In my case, problem was solved re-running the tasks. I was wondering if maybe there is a max. number of jobs to run at the same type. My original run sent to the cluster ~ [200-400] proovread jobs with 4 threads each one (I have multiple pacbio data to correct). After get the error with half of them, I re-run them but in groups of 5 jobs, with 24 threads each one. In this case, I didn't get any error, all jobs finished correctly.

Regards,

Miquel

CelineReisser commented 7 years ago

on my side the problem is still here, and I ran only one job, so it cannot be attributed to a max number of jobs... Have a good day. C.

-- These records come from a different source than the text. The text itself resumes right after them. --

Definition mult (R : rcfType) (S : siteset R) : nat :=
  (\sum_(a < nsites S) size (lev S a))%N.

Definition chi (R : rcfType) (S : siteset R) (z : R[i]) : R[i] :=
  \sum_(a < nsites S) \sum_(p < size (lev S a))
     (lev S a)`_p / (z - pos S a) ^+ p.+1.

Definition dchi (R : rcfType) (S : siteset R) (z : R[i]) : R[i] :=
  \sum_(a < nsites S) \sum_(p < size (lev S a))
     - ((p.+1)%:R * (lev S a)`_p) / (z - pos S a) ^+ p.+2.

Definition nonpole (R : rcfType) (S : siteset R) (z : R[i]) : Prop :=
  forall a, z != pos S a.

Definition phi (R : rcfType) (S : siteset R) (linf : R) (z : R[i]) : R[i] :=
  chi S z - linf%:C.

Definition is_zero (R : rcfType) (S : siteset R) (linf : R) (z : R[i]) : Prop :=
  nonpole S z /\ phi S linf z = 0.

Definition phi12 (R : rcfType) (S1 S2 : siteset R) (linf gam : R) (z : R[i]) : R[i] :=
  chi S1 z + chi S2 (z - (gam^-1)%:C) - linf%:C.

Definition dphi12 (R : rcfType) (S1 S2 : siteset R) (gam : R) (z : R[i]) : R[i] :=
  dchi S1 z + dchi S2 (z - (gam^-1)%:C).

Definition is_zero12 (R : rcfType) (S1 S2 : siteset R) (linf gam : R) (z : R[i]) : Prop :=
  [/\ nonpole S1 z, nonpole S2 (z - (gam^-1)%:C) & phi12 S1 S2 linf gam z = 0].

From HB Require Import structures.
From mathcomp Require Import all_boot all_order all_algebra.
From mathcomp Require Import complex.
From mathcomp Require Import reals.
From mathcomp Require Import classical_sets topology normedtype.
From mathcomp Require Import ring lra zify.
Import Order.TTheory GRing.Theory Num.Theory.
Import numFieldNormedType.Exports.
Local Open Scope ring_scope.
Local Open Scope complex_scope.
Local Open Scope classical_set_scope.

Set Implicit Arguments. Unset Strict Implicit. Unset Printing Implicit Defensive.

thackl commented 7 years ago

@migrau that is an interesting observation - though I have no idea what could cause this behaviour. Otherwise I'm happy to hear that it now works for you.

@cmor2207 thanks a lot for the data, and I'm really sorry for the delay in replying. I am currently traveling, with limited access to wifi etc.. I will be back home at Thursday, and have a look at your data first thing.

Cheers T.

CelineReisser commented 7 years ago

Hey Thomas,

Coming to the news to know if you had a chance to look at the files. I reran the pipeline on smaller pacbio files (40Mb instead of 1Gb) and it seems to go till the end without any problem... This info may help you.

Cheers

Céline

thackl commented 7 years ago

Hi Céline,

yes, I did run your data, but unfortunately couldn't reproduce the error. I tried a few things (changed machines/environments) but that did not help. So right now, I'm a bit puzzled, especially since smaller chunks seem to work for you. Quite frankly, I'm not really sure how best to proceed. One thing of course would be for you to try an intermediate chunk size, e.g. 300MB, and see if that works and would also work for your entire data set?

Cheers Thomas

CelineReisser commented 7 years ago

Hey Thomas, Yes that is what I am currently doing. I reran the piopeline with a 100mb, it went through smoothly. I started a 400mb & I should have the results by tomorrow. I will reload the 1Gb run today. I will let you know how it goes, but this is odd indeed.

CelineReisser commented 7 years ago

Hey Thomas,

So I came across the error again, but it looks like it is random and only happenning in some files. I now have the untrimmed file at a correct size (833Mb), and the "trimmed" file still running low at 267Mb while the log file tells me the % of masked reads in the sr-finish was of 84%

The problem seems to happen with seqfilter, and the error (same as above) occurs at 291Mb in the file. So my question is: since I have the ".chim" file, and the ".untrimmed" file, could I generate the correct ".trimmed" file by calling seqfilter myself? And what would be the procedure?

Have a good day. Cheers

Céline

CelineReisser commented 7 years ago

never mind ;) I found the seqfilter command line in the log file, I ran it using the output from the proovread run (untrimmed and chim) and it works perfectly!

Cheers.

C

thackl commented 7 years ago

Hi Céline,

sorry, your first comment somehow slipped through the cracks. Glad to hear that you found a solution!

Hulanyue commented 4 years ago

Hi,@cmor2207 ,I also have this problem

[23:54:45] /home/workstation/biosoft/proovread/bin/SeqFilter-1.06 [23:54:45] --in: pb-2/pb-2.untrimmed.fq [23:54:45] Detected FASTQ format, phred-offset 33 [23:54:45] --substr-file: pb-2/pb-2.chim.tsv 0 [ ]BLAST engine error: Warning: Sequence contains no data [19-11-17 23:54:47] [siamaera] Blast exited with error: 768

Can you tell me the details about your solution? Thanks!